— The data —
(* Fix $\delta>0$, and for $r\in\mathbb R$ let $\mathrm A_r(\xi):=e^{\delta\langle\xi\rangle^{1/2}}\langle\xi\rangle^r$ for $\xi\in\mathbb R$. Let $s\ge1$ and $c\in(0,1)$. Then, for $\xi,\eta\in\mathbb R$: (i) if $|\xi-\eta|\le c|\eta|$, then $|\mathrm A_s(\xi)-\mathrm A_s(\eta)|\lesssim\mathrm A_{s-\frac34}(\eta)\,\mathrm A_1(\xi-\eta)\,\langle\xi\rangle^{\frac14}$; (ii) if $|\eta|\le c|\xi-\eta|$, then $|\mathrm A_s(\xi)-\mathrm A_s(\eta)|\lesssim\mathrm A_0(\eta)\,\mathrm A_s(\xi-\eta)$; (iii) if $c|\eta|\le|\xi-\eta|\le c^{-1}|\eta|$, then $|\mathrm A_s(\xi)-\mathrm A_s(\eta)|\lesssim\mathrm A_{s-1}(\eta)\,\mathrm A_1(\xi-\eta)$.
   Context: $\langle\xi\rangle=(1+|\xi|^2)^{1/2}$. Implicit constants may depend on $s$, $c$ and $\delta$ but not on $\xi,\eta$. *)

From Stdlib Require Import Reals.
Open Scope R_scope.

Definition jb (x : R) : R := sqrt (1 + x ^ 2).

(* A_r(xi) = exp(delta * <xi>^{1/2}) * <xi>^r, with real exponent r
   (<xi> >= 1 > 0, so Rpower is the usual power). *)
Definition Aw (delta r xi : R) : R :=
  exp (delta * sqrt (jb xi)) * Rpower (jb xi) r.

From Stdlib Require Import Reals Lra Psatz.
Open Scope R_scope.

(* Write A_r(x) = exp (phase delta r <x>), where phase delta r t = delta sqrt t + r ln t.
   The weight exp (delta sqrt <.>) is submultiplicative because
   sqrt <xi> <= sqrt <eta> + sqrt <xi - eta>, and each case hypothesis makes the relevant
   brackets comparable.  In cases (ii) and (iii) no cancellation is needed: A_s(xi) and
   A_s(eta) are bounded separately.  In case (i) the mean value theorem for exp gives
   |A_s(xi) - A_s(eta)| <= (A_s(xi) + A_s(eta)) |phase <xi> - phase <eta>|; since
   phase' t <~ t^(-1/2) and |<xi> - <eta>| <= <xi - eta>, this gains <xi - eta> <eta>^(-1/2),
   which is at most a constant times <xi - eta> <eta>^(-3/4) <xi>^(1/4). *)

Lemma exp_le x y : x <= y -> exp x <= exp y.
Proof. intros [Hlt | ->]; [left; apply exp_increasing |]; lra. Qed.

Lemma ln_le x y : 0 < x -> x <= y -> ln x <= ln y.
Proof. intros Hx [Hlt | ->]; [left; apply ln_increasing |]; lra. Qed.

Lemma ln_le_of_le_mul x y K : 0 < x -> 0 < y -> 0 < K -> x <= K * y -> ln x <= ln K + ln y.
Proof. intros Hx Hy HK Hxy; rewrite <- ln_mult by lra; now apply ln_le. Qed.

Lemma sqrt_exp_ln b : 0 < b -> sqrt b = exp (ln b / 2).
Proof. intros Hb; rewrite <- Rpower_sqrt by exact Hb; unfold Rpower; f_equal; field. Qed.

Lemma sqrt_le_add a b d : 0 <= b -> 0 <= d -> a <= b + d -> sqrt a <= sqrt b + sqrt d.
Proof.
  intros Hb Hd Ha.
  pose proof (sqrt_pos b); pose proof (sqrt_pos d).
  rewrite <- (sqrt_square (sqrt b + sqrt d)) by lra.
  apply sqrt_le_1_alt.
  pose proof (sqrt_sqrt b Hb); pose proof (sqrt_sqrt d Hd); nra.
Qed.

Lemma Rabs_le_add_sub x y : Rabs x <= Rabs y + Rabs (x - y).
Proof. replace x with (y + (x - y)) at 1 by ring; apply Rabs_triang. Qed.

Lemma exp_Rmax_le_add u v : exp (Rmax u v) <= exp u + exp v.
Proof.
  pose proof (exp_pos u); pose proof (exp_pos v).
  unfold Rmax; destruct (Rle_dec u v); lra.
Qed.

Lemma Rabs_exp_sub_le u v : Rabs (exp u - exp v) <= exp (Rmax u v) * Rabs (u - v).
Proof.
  destruct (MVT_abs exp exp v u) as [t [Ht [Hmin Hmax]]].
  { intros t _; apply derivable_pt_lim_exp. }
  rewrite Ht, Rabs_right by (left; apply exp_pos).
  apply Rmult_le_compat_r; [apply Rabs_pos |].
  apply exp_le; rewrite Rmax_comm; lra.
Qed.

Lemma Rabs_ln_sub_le a b m :
  0 < m -> m <= a -> m <= b -> Rabs (ln a - ln b) <= Rabs (a - b) / m.
Proof.
  intros Hm Ha Hb.
  assert (Hmin : m <= Rmin b a) by now apply Rmin_glb.
  destruct (MVT_abs ln Rinv b a) as [t [Ht [Htmin _]]].
  { intros t [Ht _]; apply derivable_pt_lim_ln; lra. }
  rewrite Ht, Rabs_right by (left; apply Rinv_0_lt_compat; lra).
  unfold Rdiv; rewrite Rmult_comm.
  apply Rmult_le_compat_l; [apply Rabs_pos |].
  apply Rinv_le_contravar; lra.
Qed.

Lemma Rabs_sqrt_sub_le a b :
  0 <= a -> 0 < b -> Rabs (sqrt a - sqrt b) <= Rabs (a - b) / sqrt b.
Proof.
  intros Ha Hb.
  pose proof (sqrt_lt_R0 b Hb); pose proof (sqrt_pos a).
  assert (Hfact : a - b = (sqrt a - sqrt b) * (sqrt a + sqrt b)).
  { pose proof (sqrt_sqrt a Ha); pose proof (sqrt_sqrt b (Rlt_le _ _ Hb)); nra. }
  apply (Rmult_le_reg_r (sqrt b)); [lra |].
  unfold Rdiv; rewrite Rmult_assoc, Rinv_l, Rmult_1_r by lra.
  rewrite Hfact, Rabs_mult, (Rabs_right (sqrt a + sqrt b)) by lra.
  apply Rmult_le_compat_l; [apply Rabs_pos | lra].
Qed.

Lemma Rabs_exp_sub_le_of_bounds U V E K1 K2 :
  U <= K1 + E -> V <= K2 + E -> Rabs (exp U - exp V) <= (exp K1 + exp K2) * exp E.
Proof.
  intros HU HV.
  pose proof (exp_le _ _ HU); pose proof (exp_le _ _ HV).
  pose proof (exp_pos U); pose proof (exp_pos V).
  rewrite exp_plus in *; apply Rabs_le; lra.
Qed.

Lemma Rabs_exp_sub_le_of_exponents U V E W F K1 K2 K3 L :
  U <= K1 + E -> V <= K2 + E -> Rabs (U - V) <= L * exp W -> E + W <= K3 + F ->
  Rabs (exp U - exp V) <= (exp K1 + exp K2) * L * exp K3 * exp F.
Proof.
  intros HU HV HUV HEW.
  assert (Hmax : exp (Rmax U V) <= (exp K1 + exp K2) * exp E).
  { eapply Rle_trans; [apply exp_Rmax_le_add |].
    pose proof (exp_le _ _ HU); pose proof (exp_le _ _ HV).
    rewrite !exp_plus in *; lra. }
  assert (HL : 0 <= L).
  { pose proof (Rabs_pos (U - V)); pose proof (exp_pos W); nra. }
  assert (HEWF : exp E * exp W <= exp K3 * exp F) by (rewrite <- !exp_plus; now apply exp_le).
  eapply Rle_trans; [apply Rabs_exp_sub_le |].
  eapply Rle_trans.
  { apply Rmult_le_compat; [left; apply exp_pos | apply Rabs_pos | exact Hmax | exact HUV]. }
  replace ((exp K1 + exp K2) * exp E * (L * exp W))
    with ((exp K1 + exp K2) * L * (exp E * exp W)) by ring.
  rewrite (Rmult_assoc _ (exp K3)).
  apply Rmult_le_compat_l; [| exact HEWF].
  pose proof (exp_pos K1); pose proof (exp_pos K2); nra.
Qed.

Lemma Rle_mult_const_r X Y C C' : 0 <= Y -> C <= C' -> X <= C * Y -> X <= C' * Y.
Proof. intros HY HC HX; eapply Rle_trans; [exact HX |]; now apply Rmult_le_compat_r. Qed.

Lemma jb_sq x : jb x * jb x = 1 + x ^ 2.
Proof. apply sqrt_sqrt; nra. Qed.

Lemma jb_ge_1 x : 1 <= jb x.
Proof. rewrite <- sqrt_1; apply sqrt_le_1_alt; nra. Qed.

Lemma jb_pos x : 0 < jb x.
Proof. pose proof (jb_ge_1 x); lra. Qed.

Lemma Rabs_le_jb x : Rabs x <= jb x.
Proof. rewrite <- sqrt_Rsqr_abs; apply sqrt_le_1_alt; unfold Rsqr; nra. Qed.

Lemma jb_le_of_sq x u : 0 <= u -> 1 + x ^ 2 <= u * u -> jb x <= u.
Proof. intros Hu H; rewrite <- (sqrt_square u Hu); now apply sqrt_le_1_alt. Qed.

Lemma jb_add_le x y : jb (x + y) <= jb x + Rabs y.
Proof.
  pose proof (jb_sq x); pose proof (jb_pos x).
  pose proof (Rabs_pos y); pose proof (pow2_abs y).
  assert (Hxy : x * y <= jb x * Rabs y).
  { apply (Rle_trans _ (Rabs x * Rabs y)).
    - rewrite <- Rabs_mult; apply Rle_abs.
    - apply Rmult_le_compat_r; [lra | apply Rabs_le_jb]. }
  apply jb_le_of_sq; nra.
Qed.

Lemma Rabs_jb_sub_le x y : Rabs (jb x - jb y) <= Rabs (x - y).
Proof.
  pose proof (jb_add_le y (x - y)); pose proof (jb_add_le x (y - x)).
  replace (y + (x - y)) with x in * by ring.
  replace (x + (y - x)) with y in * by ring.
  rewrite (Rabs_minus_sym y x) in *; apply Rabs_le; lra.
Qed.

Lemma jb_le_add_sub x y : jb x <= jb y + jb (x - y).
Proof.
  pose proof (Rabs_jb_sub_le x y); pose proof (Rabs_le_jb (x - y)).
  pose proof (Rle_abs (jb x - jb y)); lra.
Qed.

Lemma jb_le_scale k x y : 1 <= k -> Rabs x <= k * Rabs y -> jb x <= k * jb y.
Proof.
  intros Hk Hxy.
  pose proof (jb_sq y); pose proof (jb_ge_1 y); pose proof (Rabs_pos x).
  pose proof (pow2_abs x); pose proof (pow2_abs y).
  apply jb_le_of_sq; nra.
Qed.

Definition phase (delta r t : R) : R := delta * sqrt t + r * ln t.

Lemma Aw_phase delta r x : Aw delta r x = exp (phase delta r (jb x)).
Proof. unfold Aw, Rpower, phase; now rewrite exp_plus. Qed.

Lemma Aw_pos delta r x : 0 < Aw delta r x.
Proof. rewrite Aw_phase; apply exp_pos. Qed.

Lemma phase_sub_le delta r K a b :
  0 <= delta -> 0 <= r -> 1 <= K -> 1 <= b -> b <= K * a ->
  Rabs (phase delta r a - phase delta r b) <= (delta + r * K) * (Rabs (a - b) / sqrt b).
Proof.
  intros Hdelta Hr HK Hb Hba.
  set (t := Rabs (a - b) / sqrt b).
  assert (Ha : 0 < a) by nra.
  assert (Hsqrt : Rabs (sqrt a - sqrt b) <= t) by (apply Rabs_sqrt_sub_le; lra).
  assert (Hsqrt_b : 1 <= sqrt b <= b).
  { rewrite <- sqrt_1; split; [now apply sqrt_le_1_alt |].
    pose proof (sqrt_sqrt b); pose proof (sqrt_pos b); nra. }
  assert (Hln : Rabs (ln a - ln b) <= K * t).
  { set (m := b / K).
    assert (Hm : m * K = b) by (unfold m; field; lra).
    eapply Rle_trans; [apply (Rabs_ln_sub_le a b m); nra |].
    replace (Rabs (a - b) / m) with (K * (Rabs (a - b) / b)) by (unfold m; field; lra).
    apply Rmult_le_compat_l; [lra |].
    apply Rmult_le_compat_l; [apply Rabs_pos |].
    apply Rinv_le_contravar; lra. }
  unfold phase.
  replace (delta * sqrt a + r * ln a - (delta * sqrt b + r * ln b))
    with (delta * (sqrt a - sqrt b) + r * (ln a - ln b)) by ring.
  eapply Rle_trans; [apply Rabs_triang |].
  rewrite !Rabs_mult, (Rabs_pos_eq delta), (Rabs_pos_eq r) by lra.
  pose proof (Rmult_le_compat_l _ _ _ Hdelta Hsqrt).
  pose proof (Rmult_le_compat_l _ _ _ Hr Hln).
  lra.
Qed.

Section Aw_difference.

Variables delta s c : R.
Hypothesis hdelta : 0 < delta.
Hypothesis hs : 0 <= s.
Hypothesis hc0 : 0 < c.
Hypothesis hc1 : c < 1.

Lemma weight_exponent_le xi eta :
  delta * sqrt (jb xi) <= delta * sqrt (jb eta) + delta * sqrt (jb (xi - eta)).
Proof.
  rewrite <- Rmult_plus_distr_l; apply Rmult_le_compat_l; [lra |].
  apply sqrt_le_add; [left; apply jb_pos | left; apply jb_pos | apply jb_le_add_sub].
Qed.

Lemma Aw_sub_le_small_diff :
  exists C, 0 < C /\ forall xi eta, Rabs (xi - eta) <= c * Rabs eta ->
    Rabs (Aw delta s xi - Aw delta s eta)
      <= C * (Aw delta (s - 3/4) eta * Aw delta 1 (xi - eta) * Rpower (jb xi) (1/4)).
Proof.
  set (K := / (1 - c)).
  assert (HK : 1 <= K) by (unfold K; rewrite <- Rinv_1; apply Rinv_le_contravar; lra).
  exists ((exp (s * ln (1 + c)) + exp 0) * (delta + s * K) * exp (ln K / 4)).
  split.
  { pose proof (exp_pos (s * ln (1 + c))); pose proof (exp_pos 0).
    pose proof (exp_pos (ln K / 4)).
    apply Rmult_lt_0_compat; [apply Rmult_lt_0_compat |]; nra. }
  intros xi eta Hnear.
  rewrite !Aw_phase; unfold Rpower; rewrite <- !exp_plus.
  pose proof (weight_exponent_le xi eta) as Hweight.
  assert (Hab : jb xi <= (1 + c) * jb eta).
  { apply jb_le_scale; [lra |]. pose proof (Rabs_le_add_sub xi eta); lra. }
  assert (Hba : jb eta <= K * jb xi).
  { apply jb_le_scale; [exact HK |].
    pose proof (Rabs_le_add_sub eta xi) as Htri; rewrite Rabs_minus_sym in Htri.
    apply (Rmult_le_reg_l (1 - c)); [lra |].
    unfold K; rewrite <- Rmult_assoc, Rinv_r, Rmult_1_l by lra; lra. }
  assert (Hdist : Rabs (jb xi - jb eta) <= jb (xi - eta)).
  { eapply Rle_trans; [apply Rabs_jb_sub_le | apply Rabs_le_jb]. }
  set (a := jb xi) in *; set (b := jb eta) in *; set (d := jb (xi - eta)) in *.
  assert (Ha : 0 < a) by apply jb_pos.
  assert (Hb : 1 <= b) by apply jb_ge_1.
  assert (Hd : 0 < d) by apply jb_pos.
  assert (Hln_a : s * ln a <= s * (ln (1 + c) + ln b)).
  { apply Rmult_le_compat_l; [exact hs |]. apply ln_le_of_le_mul; lra. }
  assert (Hln_b : ln b <= ln K + ln a) by (apply ln_le_of_le_mul; lra).
  pose proof (sqrt_pos d).
  (* exp W = d / sqrt b is the gain of the mean value step. *)
  apply Rabs_exp_sub_le_of_exponents
    with (E := delta * sqrt b + delta * sqrt d + s * ln b) (W := ln d - ln b / 2);
    unfold phase; try nra.
  eapply Rle_trans; [apply (phase_sub_le delta s K); lra |].
  apply Rmult_le_compat_l; [nra |].
  replace (ln d - ln b / 2) with (ln d + - (ln b / 2)) by ring.
  rewrite exp_plus, exp_Ropp, exp_ln, <- sqrt_exp_ln by lra.
  apply Rmult_le_compat_r; [left; apply Rinv_0_lt_compat, sqrt_lt_R0; lra | exact Hdist].
Qed.

Lemma Aw_sub_le_small_eta :
  exists C, 0 < C /\ forall xi eta, Rabs eta <= c * Rabs (xi - eta) ->
    Rabs (Aw delta s xi - Aw delta s eta) <= C * (Aw delta 0 eta * Aw delta s (xi - eta)).
Proof.
  exists (exp (s * ln 2) + exp 0).
  split; [pose proof (exp_pos (s * ln 2)); pose proof (exp_pos 0); lra |].
  intros xi eta Hsmall.
  rewrite !Aw_phase, <- exp_plus.
  pose proof (weight_exponent_le xi eta) as Hweight.
  pose proof (jb_le_add_sub xi eta) as Hadd.
  assert (Hbd : jb eta <= 1 * jb (xi - eta)).
  { apply jb_le_scale; [lra |]. pose proof (Rabs_pos (xi - eta)); nra. }
  set (a := jb xi) in *; set (b := jb eta) in *; set (d := jb (xi - eta)) in *.
  assert (Ha : 0 < a) by apply jb_pos.
  assert (Hb : 0 < b) by apply jb_pos.
  assert (Hd : 0 < d) by apply jb_pos.
  assert (Hln_a : s * ln a <= s * (ln 2 + ln d)).
  { apply Rmult_le_compat_l; [exact hs |]. apply ln_le_of_le_mul; lra. }
  assert (Hln_b : s * ln b <= s * (ln 1 + ln d)).
  { apply Rmult_le_compat_l; [exact hs |]. apply ln_le_of_le_mul; lra. }
  rewrite ln_1 in Hln_b.
  pose proof (sqrt_pos d).
  apply Rabs_exp_sub_le_of_bounds; unfold phase; nra.
Qed.

Lemma Aw_sub_le_comparable :
  exists C, 0 < C /\ forall xi eta, c * Rabs eta <= Rabs (xi - eta) ->
    Rabs (xi - eta) <= / c * Rabs eta ->
    Rabs (Aw delta s xi - Aw delta s eta) <= C * (Aw delta (s - 1) eta * Aw delta 1 (xi - eta)).
Proof.
  exists (exp (s * ln (1 + / c) + ln (/ c)) + exp (ln (/ c))).
  split.
  { pose proof (exp_pos (s * ln (1 + / c) + ln (/ c))); pose proof (exp_pos (ln (/ c))); lra. }
  intros xi eta Hlow Hup.
  rewrite !Aw_phase, <- exp_plus.
  assert (Hc_inv : 1 <= / c) by (rewrite <- Rinv_1; apply Rinv_le_contravar; lra).
  pose proof (weight_exponent_le xi eta) as Hweight.
  pose proof (jb_le_add_sub xi eta) as Hadd.
  assert (Hdb : jb (xi - eta) <= / c * jb eta) by now apply jb_le_scale.
  assert (Hbd : jb eta <= / c * jb (xi - eta)).
  { apply jb_le_scale; [exact Hc_inv |].
    replace (Rabs eta) with (/ c * (c * Rabs eta)) by (field; lra).
    apply Rmult_le_compat_l; lra. }
  set (a := jb xi) in *; set (b := jb eta) in *; set (d := jb (xi - eta)) in *.
  assert (Ha : 0 < a) by apply jb_pos.
  assert (Hb : 0 < b) by apply jb_pos.
  assert (Hd : 0 < d) by apply jb_pos.
  assert (Hln_a : s * ln a <= s * (ln (1 + / c) + ln b)).
  { apply Rmult_le_compat_l; [exact hs |]. apply ln_le_of_le_mul; nra. }
  assert (Hln_b : ln b <= ln (/ c) + ln d) by (apply ln_le_of_le_mul; lra).
  pose proof (sqrt_pos d).
  apply Rabs_exp_sub_le_of_bounds; unfold phase; nra.
Qed.

End Aw_difference.

Theorem lemma6p5 (delta s c : R) (hdelta : 0 < delta) (hs : 1 <= s)
    (hc0 : 0 < c) (hc1 : c < 1) :
  exists C : R, 0 < C /\
  (forall xi eta : R, Rabs (xi - eta) <= c * Rabs eta ->
     Rabs (Aw delta s xi - Aw delta s eta)
       <= C * (Aw delta (s - 3/4) eta * Aw delta 1 (xi - eta)
               * Rpower (jb xi) (1/4))) /\
  (forall xi eta : R, Rabs eta <= c * Rabs (xi - eta) ->
     Rabs (Aw delta s xi - Aw delta s eta)
       <= C * (Aw delta 0 eta * Aw delta s (xi - eta))) /\
  (forall xi eta : R, c * Rabs eta <= Rabs (xi - eta) ->
     Rabs (xi - eta) <= / c * Rabs eta ->
     Rabs (Aw delta s xi - Aw delta s eta)
       <= C * (Aw delta (s - 1) eta * Aw delta 1 (xi - eta))).
Proof.
  assert (hs0 : 0 <= s) by lra.
  destruct (Aw_sub_le_small_diff delta s c) as [C1 [HC1 Hi]]; auto.
  destruct (Aw_sub_le_small_eta delta s c) as [C2 [HC2 Hii]]; auto.
  destruct (Aw_sub_le_comparable delta s c) as [C3 [HC3 Hiii]]; auto.
  exists (C1 + C2 + C3); split; [lra | split; [| split]].
  - intros xi eta Hnear.
    apply (Rle_mult_const_r _ _ C1); [| lra | now apply Hi].
    left; apply Rmult_lt_0_compat; [apply Rmult_lt_0_compat; apply Aw_pos | apply exp_pos].
  - intros xi eta Hsmall.
    apply (Rle_mult_const_r _ _ C2); [| lra | now apply Hii].
    left; apply Rmult_lt_0_compat; apply Aw_pos.
  - intros xi eta Hlow Hup.
    apply (Rle_mult_const_r _ _ C3); [| lra | now apply Hiii].
    left; apply Rmult_lt_0_compat; apply Aw_pos.
Qed.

— Problem statement —
For the lines above, output exactly those from the line containing "assert (Hm : m" through the line containing "replace (delta *", and skip the others.

— Task result —
    assert (Hm : m * K = b) by (unfold m; field; lra).
    eapply Rle_trans; [apply (Rabs_ln_sub_le a b m); nra |].
    replace (Rabs (a - b) / m) with (K * (Rabs (a - b) / b)) by (unfold m; field; lra).
    apply Rmult_le_compat_l; [lra |].
    apply Rmult_le_compat_l; [apply Rabs_pos |].
    apply Rinv_le_contravar; lra. }
  unfold phase.
  replace (delta * sqrt a + r * ln a - (delta * sqrt b + r * ln b))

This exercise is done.